Hi....I am not sure where/how I should be posting this question. I have already posted my history twice; do I need to find that thread before I ask a question? Question is....this 10 mg dose for a month now has stopped my nightsweats. I plan on doing a 1 mg reduction next week, but hate to "Rock the boat". The nightsweats are annoying, but not as annoying as the continuous fatigue....pain is under control. Thank you!
LO Kathy. you are in the right place to post.I am finding the fatigue and foggy brain most annoying.i am going down from 15mg to now on 9mg to 8 mg very slowly I am pretty sure one of the more nkowable girls will be along wiith better info, on how to cope with reducing pred ect.take care Dave.
Hi Kathy - no, if you want ask a question then this was the right way to go about it! The history bit is to help those of us who reply to know a bit more about you. I've strted replying now so will have to manage without that knowledge - but heyho!
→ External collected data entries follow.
(* If $G$ is a (finite, loopless) multigraph and $f$ is a demand function for the line graph $L(G)$ such that each edge $e\in E(G)$ with endpoints $u,v$ satisfies $f(e) \leq 2 / (3\max\{d(u), d(v)\})$, then $L(G)$ has an $f$-coloring.
   Context: For a multigraph $G$, $\mu(uv)$ denotes the number of edges between $u$ and $v$ and $d(v)=\sum_{u\in N(v)}\mu(uv)$ is the number of edges incident to $v$. The line graph $L(G)$ has vertex set $E(G)$, two edges being adjacent when they share an endpoint. A demand function for a graph $H$ is a function $f: V(H)\to [0,1]\cap\mathbb{Q}$. A fractional coloring of $H$ assigns to each vertex a measurable subset of $[0,1]$ so that adjacent vertices receive disjoint sets; an $f$-coloring is a fractional coloring $\phi$ with Lebesgue measure of $\phi(x)$ at least $f(x)$ for every vertex $x$. *)

From HB Require Import structures.
From mathcomp Require Import all_boot all_order all_algebra.
From mathcomp Require Import all_classical all_reals all_analysis.
Set Implicit Arguments. Unset Strict Implicit. Unset Printing Implicit Defensive.
Import Order.TTheory GRing.Theory Num.Theory.

(* A finite loopless multigraph: vertex type V, edge type E (edges are
   distinct objects, so parallel edges are allowed), endpoints src e, tgt e. *)
Definition loopless (V E : finType) (src tgt : E -> V) : Prop :=
  forall e, src e != tgt e.

Definition incident (V E : finType) (src tgt : E -> V) (v : V) (e : E) : bool :=
  (src e == v) || (tgt e == v).

Definition deg (V E : finType) (src tgt : E -> V) (v : V) : nat :=
  #|[set e : E | incident src tgt v e]|.

Definition line_adj (V E : finType) (src tgt : E -> V) (e e' : E) : bool :=
  (e != e') && [exists v : V, incident src tgt v e && incident src tgt v e'].

Definition demand (E : finType) (f : E -> rat) : Prop :=
  forall e, (0 <= f e <= 1)%R.

Local Open Scope classical_set_scope.
Local Open Scope ring_scope.

Definition f_coloring (R : realType) (V E : finType) (src tgt : E -> V)
    (f : E -> rat) (phi : E -> set R) : Prop :=
  [/\ forall e, measurable (phi e),
      forall e, phi e `<=` `[0%R, 1%R]%classic,
      forall e e', line_adj src tgt e e' -> phi e `&` phi e' = set0
    & forall e, ((ratr (f e))%:E <= (@lebesgue_measure R) (phi e))%E].

From HB Require Import structures.
From mathcomp Require Import all_boot all_order all_algebra perm.
From mathcomp Require Import all_classical all_reals all_analysis.
From mathcomp Require Import zify ring.
Import Order.TTheory GRing.Theory Num.Theory.
Set Implicit Arguments. Unset Strict Implicit. Unset Printing Implicit Defensive.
It sounds as if you started on 10mg - did that control the other symptoms besides the nightsweats? One group starts their patients at 15mg for 6 weeks, 12.5mg for 6 weeks and then 10mg for a year! A reduction should really never be more than 10% of the current dose, some people don't manage even 1mg overnight and take a few weeks to get from every day old dose to every day new dose. The pred hasn't done anything with the underlying autoimmune disorder that leads to the symptoms - it is managing said symptoms and the reduction process is to find the lowest dose that controls them. Many doctors like to keep their patients at the starting dose until the inflammation is dealt with and all their symptoms are well improved and steady so I'd feel that maybe starting to reduce after only a month at 10mg is perhaps a bit hasty. On the other hand - you could try reducing 1mg every third or fourth day and see how you tolerate that. If you are too uncomfortable you can then stick at 10mg for a bit longer before trying again.
Elsewhere on this forum is my "dead slow and nearly stop" reduction plan which has worked very well for a lot of people. I'll repeat it again to save you looking:
A group of us worked out reduction schemes individually that have allowed us to reduce far further than ever before but they are all basically the same - and they were based on a scheme a Swedish gentleman worked out when he simply couldn't get below 3mg without pain. 1mg at that level is 33%, 1/2mg is 17% - way above the 10% that has been recommended for years. So he used a table to see the daily doses and took the new dose on one day, old dose for a few days and then proceeded by repeating that and then reducing the number of days of old dose - until he got to everyday new dose. It worked, he got off pred and has been off pred for at least 3 years (it could be longer). Something similar to mine is being tried by a consultant rheumatologist in the north of England and he too finds it works for every single patient he has given it to. As it did for several ladies beforehand.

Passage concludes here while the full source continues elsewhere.